### Work instruction
Look through the records below for the line with "move=> one_leaf; have [r hr] := bt_ex3 B.". Return that line and each one after it up to and including the line with "have esm : e s m by rewrite e_sym.", exactly.

___ Dataset records ___

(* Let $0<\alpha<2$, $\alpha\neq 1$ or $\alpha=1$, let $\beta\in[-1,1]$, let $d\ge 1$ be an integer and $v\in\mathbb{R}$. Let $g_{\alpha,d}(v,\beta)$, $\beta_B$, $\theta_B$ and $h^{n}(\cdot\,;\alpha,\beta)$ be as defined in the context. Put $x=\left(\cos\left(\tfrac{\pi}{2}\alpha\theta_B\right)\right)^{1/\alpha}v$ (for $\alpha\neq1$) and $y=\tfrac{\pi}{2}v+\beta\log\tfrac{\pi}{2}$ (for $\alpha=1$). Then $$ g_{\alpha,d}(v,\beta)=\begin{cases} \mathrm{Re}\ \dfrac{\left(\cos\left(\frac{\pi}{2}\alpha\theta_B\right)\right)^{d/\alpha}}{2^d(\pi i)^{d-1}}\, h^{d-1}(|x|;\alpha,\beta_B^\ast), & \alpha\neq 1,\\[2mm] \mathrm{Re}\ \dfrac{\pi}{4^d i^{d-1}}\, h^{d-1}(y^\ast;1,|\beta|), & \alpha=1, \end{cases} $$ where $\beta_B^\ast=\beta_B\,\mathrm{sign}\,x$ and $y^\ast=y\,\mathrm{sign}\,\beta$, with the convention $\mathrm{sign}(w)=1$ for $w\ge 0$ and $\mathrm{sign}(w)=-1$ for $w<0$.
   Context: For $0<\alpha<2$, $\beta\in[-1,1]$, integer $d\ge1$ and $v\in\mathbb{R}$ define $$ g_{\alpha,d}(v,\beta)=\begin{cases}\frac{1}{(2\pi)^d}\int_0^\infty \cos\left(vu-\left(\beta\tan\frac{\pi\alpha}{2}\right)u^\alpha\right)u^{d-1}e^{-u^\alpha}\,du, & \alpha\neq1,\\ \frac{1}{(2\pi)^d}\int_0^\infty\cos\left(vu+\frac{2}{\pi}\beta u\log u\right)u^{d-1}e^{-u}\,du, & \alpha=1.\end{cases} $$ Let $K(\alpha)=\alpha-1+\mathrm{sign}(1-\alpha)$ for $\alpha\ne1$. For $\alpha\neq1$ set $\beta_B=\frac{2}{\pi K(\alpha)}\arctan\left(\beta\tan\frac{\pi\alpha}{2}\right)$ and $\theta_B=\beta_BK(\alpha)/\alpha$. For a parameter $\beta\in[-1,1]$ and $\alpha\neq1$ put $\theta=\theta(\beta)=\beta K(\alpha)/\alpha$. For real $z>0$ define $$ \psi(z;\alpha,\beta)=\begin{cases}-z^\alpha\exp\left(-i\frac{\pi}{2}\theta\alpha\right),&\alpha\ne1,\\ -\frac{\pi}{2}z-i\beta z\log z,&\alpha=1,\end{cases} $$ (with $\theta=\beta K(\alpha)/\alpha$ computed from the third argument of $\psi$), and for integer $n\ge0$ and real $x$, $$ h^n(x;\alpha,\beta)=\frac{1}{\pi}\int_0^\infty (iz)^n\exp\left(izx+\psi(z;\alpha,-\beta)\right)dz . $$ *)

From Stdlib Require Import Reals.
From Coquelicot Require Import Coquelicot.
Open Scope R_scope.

___
___ Dataset records ___

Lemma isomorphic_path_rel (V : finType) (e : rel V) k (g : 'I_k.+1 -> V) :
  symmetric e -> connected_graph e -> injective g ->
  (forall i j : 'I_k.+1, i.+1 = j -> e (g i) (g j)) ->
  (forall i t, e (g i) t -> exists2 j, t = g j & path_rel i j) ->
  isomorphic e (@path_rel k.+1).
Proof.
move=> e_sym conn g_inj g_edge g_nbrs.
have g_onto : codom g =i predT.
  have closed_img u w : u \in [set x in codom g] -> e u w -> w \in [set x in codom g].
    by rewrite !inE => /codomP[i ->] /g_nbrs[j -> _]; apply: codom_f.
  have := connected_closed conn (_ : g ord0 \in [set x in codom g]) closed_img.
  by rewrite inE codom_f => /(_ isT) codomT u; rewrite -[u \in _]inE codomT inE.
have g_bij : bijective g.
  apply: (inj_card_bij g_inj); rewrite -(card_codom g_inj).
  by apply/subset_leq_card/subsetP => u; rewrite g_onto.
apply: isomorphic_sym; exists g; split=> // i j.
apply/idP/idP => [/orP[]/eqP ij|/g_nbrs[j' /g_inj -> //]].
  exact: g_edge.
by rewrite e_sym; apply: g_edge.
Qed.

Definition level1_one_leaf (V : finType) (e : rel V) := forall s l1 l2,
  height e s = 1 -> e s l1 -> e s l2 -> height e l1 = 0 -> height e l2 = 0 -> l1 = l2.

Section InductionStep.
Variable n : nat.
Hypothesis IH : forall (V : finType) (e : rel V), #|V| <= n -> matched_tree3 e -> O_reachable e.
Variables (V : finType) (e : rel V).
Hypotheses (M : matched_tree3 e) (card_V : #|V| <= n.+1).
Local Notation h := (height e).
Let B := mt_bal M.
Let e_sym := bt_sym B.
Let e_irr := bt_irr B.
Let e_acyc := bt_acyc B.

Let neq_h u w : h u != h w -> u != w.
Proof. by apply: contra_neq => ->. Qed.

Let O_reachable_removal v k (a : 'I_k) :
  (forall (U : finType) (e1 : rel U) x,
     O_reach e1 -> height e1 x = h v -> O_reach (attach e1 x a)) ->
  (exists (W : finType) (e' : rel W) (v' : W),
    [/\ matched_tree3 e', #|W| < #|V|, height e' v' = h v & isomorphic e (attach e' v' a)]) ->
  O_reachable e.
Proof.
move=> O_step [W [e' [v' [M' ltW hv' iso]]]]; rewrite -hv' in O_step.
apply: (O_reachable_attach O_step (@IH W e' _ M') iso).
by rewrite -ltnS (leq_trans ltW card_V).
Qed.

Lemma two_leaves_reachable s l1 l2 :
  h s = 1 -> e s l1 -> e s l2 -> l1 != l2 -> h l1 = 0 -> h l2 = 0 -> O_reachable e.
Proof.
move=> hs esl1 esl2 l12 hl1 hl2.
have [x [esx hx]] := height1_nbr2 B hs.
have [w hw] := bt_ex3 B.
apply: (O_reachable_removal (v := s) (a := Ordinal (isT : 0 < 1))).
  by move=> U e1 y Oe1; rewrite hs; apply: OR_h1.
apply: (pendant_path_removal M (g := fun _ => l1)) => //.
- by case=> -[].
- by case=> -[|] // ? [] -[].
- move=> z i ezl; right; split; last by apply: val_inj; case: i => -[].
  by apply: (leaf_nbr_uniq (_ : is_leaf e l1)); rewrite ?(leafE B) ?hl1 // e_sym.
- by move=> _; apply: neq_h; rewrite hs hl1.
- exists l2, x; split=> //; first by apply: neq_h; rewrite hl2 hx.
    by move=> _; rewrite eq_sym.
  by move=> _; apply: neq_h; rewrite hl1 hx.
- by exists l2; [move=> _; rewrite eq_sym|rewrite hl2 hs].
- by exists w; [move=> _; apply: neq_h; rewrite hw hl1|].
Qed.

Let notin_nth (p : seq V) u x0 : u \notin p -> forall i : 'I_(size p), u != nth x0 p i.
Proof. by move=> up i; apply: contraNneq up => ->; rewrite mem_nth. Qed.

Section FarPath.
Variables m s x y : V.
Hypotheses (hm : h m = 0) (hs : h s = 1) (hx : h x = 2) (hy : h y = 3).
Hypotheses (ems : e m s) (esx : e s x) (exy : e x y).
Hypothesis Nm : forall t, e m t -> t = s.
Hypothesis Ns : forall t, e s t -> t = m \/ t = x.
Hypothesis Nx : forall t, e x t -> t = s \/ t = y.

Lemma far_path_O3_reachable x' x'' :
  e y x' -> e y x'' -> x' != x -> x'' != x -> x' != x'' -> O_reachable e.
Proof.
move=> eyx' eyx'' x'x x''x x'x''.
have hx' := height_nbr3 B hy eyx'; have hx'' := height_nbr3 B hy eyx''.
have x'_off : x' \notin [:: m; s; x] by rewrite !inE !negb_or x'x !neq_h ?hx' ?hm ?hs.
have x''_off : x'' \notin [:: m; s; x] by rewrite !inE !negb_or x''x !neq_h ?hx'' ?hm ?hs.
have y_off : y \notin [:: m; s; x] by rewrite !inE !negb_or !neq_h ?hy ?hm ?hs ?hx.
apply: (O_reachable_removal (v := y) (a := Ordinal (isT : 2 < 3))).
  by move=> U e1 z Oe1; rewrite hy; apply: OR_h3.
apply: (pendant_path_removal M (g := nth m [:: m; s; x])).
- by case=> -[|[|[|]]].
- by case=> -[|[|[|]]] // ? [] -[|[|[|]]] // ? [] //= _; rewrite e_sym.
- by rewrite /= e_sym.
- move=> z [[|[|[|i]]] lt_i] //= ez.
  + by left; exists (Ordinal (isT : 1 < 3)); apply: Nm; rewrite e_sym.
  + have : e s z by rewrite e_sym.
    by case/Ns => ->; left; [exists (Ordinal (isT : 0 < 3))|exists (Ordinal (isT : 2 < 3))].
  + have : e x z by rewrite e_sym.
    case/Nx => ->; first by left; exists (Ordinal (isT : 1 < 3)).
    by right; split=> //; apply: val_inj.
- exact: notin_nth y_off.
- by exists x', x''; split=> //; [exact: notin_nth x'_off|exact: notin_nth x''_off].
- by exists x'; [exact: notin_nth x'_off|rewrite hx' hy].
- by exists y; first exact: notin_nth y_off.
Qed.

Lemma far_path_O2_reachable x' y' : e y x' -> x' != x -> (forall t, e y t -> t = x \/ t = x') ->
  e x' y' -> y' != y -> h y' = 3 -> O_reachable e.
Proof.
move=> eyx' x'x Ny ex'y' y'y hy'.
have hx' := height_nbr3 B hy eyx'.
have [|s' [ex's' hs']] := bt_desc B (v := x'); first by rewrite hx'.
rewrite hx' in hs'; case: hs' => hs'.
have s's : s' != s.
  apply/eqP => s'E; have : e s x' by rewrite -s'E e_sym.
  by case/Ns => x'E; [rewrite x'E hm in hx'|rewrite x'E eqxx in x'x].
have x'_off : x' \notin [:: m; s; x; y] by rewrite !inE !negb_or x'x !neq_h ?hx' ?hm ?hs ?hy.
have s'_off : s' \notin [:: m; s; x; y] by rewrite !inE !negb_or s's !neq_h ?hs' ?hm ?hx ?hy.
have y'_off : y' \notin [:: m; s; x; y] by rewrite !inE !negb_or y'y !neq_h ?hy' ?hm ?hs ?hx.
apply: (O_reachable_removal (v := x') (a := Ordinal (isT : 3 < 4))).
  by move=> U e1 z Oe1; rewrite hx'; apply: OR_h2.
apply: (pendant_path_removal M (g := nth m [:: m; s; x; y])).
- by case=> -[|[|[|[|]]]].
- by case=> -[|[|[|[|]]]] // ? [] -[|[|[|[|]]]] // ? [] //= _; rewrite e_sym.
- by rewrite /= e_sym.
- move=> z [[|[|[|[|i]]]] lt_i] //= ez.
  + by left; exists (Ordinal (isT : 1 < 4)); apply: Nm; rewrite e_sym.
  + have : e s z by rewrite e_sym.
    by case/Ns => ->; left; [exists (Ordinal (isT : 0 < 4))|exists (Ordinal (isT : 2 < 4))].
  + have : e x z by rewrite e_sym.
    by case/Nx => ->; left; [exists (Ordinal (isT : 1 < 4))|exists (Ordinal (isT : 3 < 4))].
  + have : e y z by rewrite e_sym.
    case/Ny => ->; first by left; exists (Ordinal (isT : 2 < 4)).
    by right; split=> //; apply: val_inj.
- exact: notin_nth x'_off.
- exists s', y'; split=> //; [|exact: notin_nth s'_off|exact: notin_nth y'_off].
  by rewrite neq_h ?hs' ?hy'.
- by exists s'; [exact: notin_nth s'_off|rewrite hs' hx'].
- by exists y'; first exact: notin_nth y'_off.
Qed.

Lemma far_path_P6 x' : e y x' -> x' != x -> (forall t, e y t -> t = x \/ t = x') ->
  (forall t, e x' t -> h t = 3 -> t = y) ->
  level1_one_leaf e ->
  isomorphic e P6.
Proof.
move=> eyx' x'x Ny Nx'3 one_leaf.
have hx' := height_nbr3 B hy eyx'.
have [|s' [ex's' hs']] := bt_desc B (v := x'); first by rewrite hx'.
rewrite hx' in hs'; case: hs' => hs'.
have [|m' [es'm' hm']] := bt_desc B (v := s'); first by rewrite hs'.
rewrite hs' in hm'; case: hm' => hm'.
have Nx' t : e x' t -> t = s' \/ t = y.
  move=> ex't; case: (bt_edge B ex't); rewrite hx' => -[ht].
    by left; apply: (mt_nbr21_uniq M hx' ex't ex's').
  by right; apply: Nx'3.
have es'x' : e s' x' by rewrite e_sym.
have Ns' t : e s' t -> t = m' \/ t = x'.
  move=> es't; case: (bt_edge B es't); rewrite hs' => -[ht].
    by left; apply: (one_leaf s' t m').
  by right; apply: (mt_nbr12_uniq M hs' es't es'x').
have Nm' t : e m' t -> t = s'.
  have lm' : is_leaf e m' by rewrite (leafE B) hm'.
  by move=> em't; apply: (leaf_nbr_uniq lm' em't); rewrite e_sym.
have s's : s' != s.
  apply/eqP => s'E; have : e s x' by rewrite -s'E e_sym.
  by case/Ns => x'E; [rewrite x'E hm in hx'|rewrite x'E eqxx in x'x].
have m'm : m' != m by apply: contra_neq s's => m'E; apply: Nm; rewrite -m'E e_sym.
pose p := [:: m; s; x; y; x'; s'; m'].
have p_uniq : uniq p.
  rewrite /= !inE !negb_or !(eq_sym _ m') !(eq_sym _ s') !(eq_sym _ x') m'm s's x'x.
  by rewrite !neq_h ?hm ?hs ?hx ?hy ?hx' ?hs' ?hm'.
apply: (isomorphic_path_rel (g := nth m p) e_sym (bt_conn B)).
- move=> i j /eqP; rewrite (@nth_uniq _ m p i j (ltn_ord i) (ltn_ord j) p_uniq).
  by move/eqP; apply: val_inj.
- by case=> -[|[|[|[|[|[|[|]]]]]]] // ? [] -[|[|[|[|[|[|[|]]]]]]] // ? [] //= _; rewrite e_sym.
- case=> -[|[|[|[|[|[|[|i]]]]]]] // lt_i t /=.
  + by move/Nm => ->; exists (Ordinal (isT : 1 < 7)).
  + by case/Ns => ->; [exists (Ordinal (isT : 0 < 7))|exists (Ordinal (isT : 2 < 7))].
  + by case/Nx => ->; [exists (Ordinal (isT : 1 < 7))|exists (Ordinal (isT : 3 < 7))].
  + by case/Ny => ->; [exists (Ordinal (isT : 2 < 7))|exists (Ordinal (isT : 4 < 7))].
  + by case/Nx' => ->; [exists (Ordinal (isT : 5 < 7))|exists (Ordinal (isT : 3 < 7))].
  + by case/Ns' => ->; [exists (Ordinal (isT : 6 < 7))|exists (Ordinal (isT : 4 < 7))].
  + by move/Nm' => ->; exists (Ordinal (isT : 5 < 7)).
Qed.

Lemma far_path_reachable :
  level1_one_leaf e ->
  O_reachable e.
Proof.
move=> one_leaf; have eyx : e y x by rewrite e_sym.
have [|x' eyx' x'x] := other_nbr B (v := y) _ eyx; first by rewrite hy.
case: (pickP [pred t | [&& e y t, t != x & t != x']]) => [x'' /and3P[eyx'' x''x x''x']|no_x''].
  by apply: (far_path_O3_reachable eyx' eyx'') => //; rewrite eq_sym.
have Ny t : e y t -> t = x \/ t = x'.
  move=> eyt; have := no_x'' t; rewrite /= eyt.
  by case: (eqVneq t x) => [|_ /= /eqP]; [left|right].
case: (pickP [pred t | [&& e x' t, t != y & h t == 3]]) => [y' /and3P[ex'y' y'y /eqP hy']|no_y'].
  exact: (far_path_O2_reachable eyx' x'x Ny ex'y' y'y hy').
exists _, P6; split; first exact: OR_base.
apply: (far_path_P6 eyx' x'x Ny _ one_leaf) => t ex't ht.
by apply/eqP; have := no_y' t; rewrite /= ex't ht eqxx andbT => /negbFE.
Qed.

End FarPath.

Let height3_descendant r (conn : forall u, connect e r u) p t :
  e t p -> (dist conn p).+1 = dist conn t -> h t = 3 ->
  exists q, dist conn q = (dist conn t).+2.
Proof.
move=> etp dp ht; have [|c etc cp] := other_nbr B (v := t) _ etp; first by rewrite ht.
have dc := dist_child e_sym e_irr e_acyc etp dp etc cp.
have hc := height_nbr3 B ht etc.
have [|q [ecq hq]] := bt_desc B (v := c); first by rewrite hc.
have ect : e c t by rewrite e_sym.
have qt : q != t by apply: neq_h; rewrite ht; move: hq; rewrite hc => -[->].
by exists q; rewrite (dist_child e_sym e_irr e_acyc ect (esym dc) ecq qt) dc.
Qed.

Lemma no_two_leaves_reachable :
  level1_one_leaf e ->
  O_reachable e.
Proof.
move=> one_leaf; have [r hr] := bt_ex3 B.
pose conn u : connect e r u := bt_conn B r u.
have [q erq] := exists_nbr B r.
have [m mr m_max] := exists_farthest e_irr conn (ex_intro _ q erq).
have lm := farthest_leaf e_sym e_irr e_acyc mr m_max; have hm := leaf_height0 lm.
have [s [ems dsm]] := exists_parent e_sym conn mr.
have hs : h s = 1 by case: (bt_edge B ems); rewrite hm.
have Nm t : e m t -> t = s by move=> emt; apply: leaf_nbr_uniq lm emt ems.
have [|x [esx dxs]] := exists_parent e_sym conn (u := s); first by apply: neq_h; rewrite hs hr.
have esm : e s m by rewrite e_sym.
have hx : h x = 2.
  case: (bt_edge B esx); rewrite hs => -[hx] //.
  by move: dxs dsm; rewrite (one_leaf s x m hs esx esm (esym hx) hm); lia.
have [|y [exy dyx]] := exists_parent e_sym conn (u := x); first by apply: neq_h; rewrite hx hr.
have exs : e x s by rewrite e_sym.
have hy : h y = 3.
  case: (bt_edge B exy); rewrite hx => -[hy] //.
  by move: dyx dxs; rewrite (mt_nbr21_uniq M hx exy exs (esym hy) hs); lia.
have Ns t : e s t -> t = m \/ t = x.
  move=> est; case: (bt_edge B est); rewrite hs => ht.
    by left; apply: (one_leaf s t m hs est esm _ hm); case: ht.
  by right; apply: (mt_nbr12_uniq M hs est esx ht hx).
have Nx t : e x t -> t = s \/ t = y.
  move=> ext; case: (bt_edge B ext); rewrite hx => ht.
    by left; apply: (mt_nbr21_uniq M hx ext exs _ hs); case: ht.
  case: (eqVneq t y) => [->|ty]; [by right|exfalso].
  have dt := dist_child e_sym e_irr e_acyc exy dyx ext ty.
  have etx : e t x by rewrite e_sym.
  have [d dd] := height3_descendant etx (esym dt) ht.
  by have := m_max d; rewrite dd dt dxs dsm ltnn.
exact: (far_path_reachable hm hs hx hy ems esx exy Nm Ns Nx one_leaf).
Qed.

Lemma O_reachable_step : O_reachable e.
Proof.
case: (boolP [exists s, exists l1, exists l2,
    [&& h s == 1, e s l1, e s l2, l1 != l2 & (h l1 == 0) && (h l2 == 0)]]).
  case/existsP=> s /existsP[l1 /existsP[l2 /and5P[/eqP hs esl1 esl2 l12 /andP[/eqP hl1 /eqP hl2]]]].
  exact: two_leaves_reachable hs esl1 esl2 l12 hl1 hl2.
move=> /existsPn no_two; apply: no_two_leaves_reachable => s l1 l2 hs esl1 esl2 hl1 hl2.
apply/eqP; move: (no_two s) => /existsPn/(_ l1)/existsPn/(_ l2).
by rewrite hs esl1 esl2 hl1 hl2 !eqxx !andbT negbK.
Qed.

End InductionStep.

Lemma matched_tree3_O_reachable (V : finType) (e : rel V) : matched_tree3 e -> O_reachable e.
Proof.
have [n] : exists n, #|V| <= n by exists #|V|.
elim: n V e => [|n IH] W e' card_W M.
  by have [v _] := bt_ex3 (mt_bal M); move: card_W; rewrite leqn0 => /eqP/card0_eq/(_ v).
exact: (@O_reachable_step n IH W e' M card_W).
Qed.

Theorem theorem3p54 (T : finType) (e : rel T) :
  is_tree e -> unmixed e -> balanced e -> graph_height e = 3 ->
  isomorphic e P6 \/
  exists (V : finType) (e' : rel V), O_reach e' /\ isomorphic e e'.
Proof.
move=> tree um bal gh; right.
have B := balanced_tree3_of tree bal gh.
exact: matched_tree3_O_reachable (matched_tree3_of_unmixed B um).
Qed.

___

### Result for this exercise
move=> one_leaf; have [r hr] := bt_ex3 B.
pose conn u : connect e r u := bt_conn B r u.
have [q erq] := exists_nbr B r.
have [m mr m_max] := exists_farthest e_irr conn (ex_intro _ q erq).
have lm := farthest_leaf e_sym e_irr e_acyc mr m_max; have hm := leaf_height0 lm.
have [s [ems dsm]] := exists_parent e_sym conn mr.
have hs : h s = 1 by case: (bt_edge B ems); rewrite hm.
have Nm t : e m t -> t = s by move=> emt; apply: leaf_nbr_uniq lm emt ems.
have [|x [esx dxs]] := exists_parent e_sym conn (u := s); first by apply: neq_h; rewrite hs hr.
have esm : e s m by rewrite e_sym.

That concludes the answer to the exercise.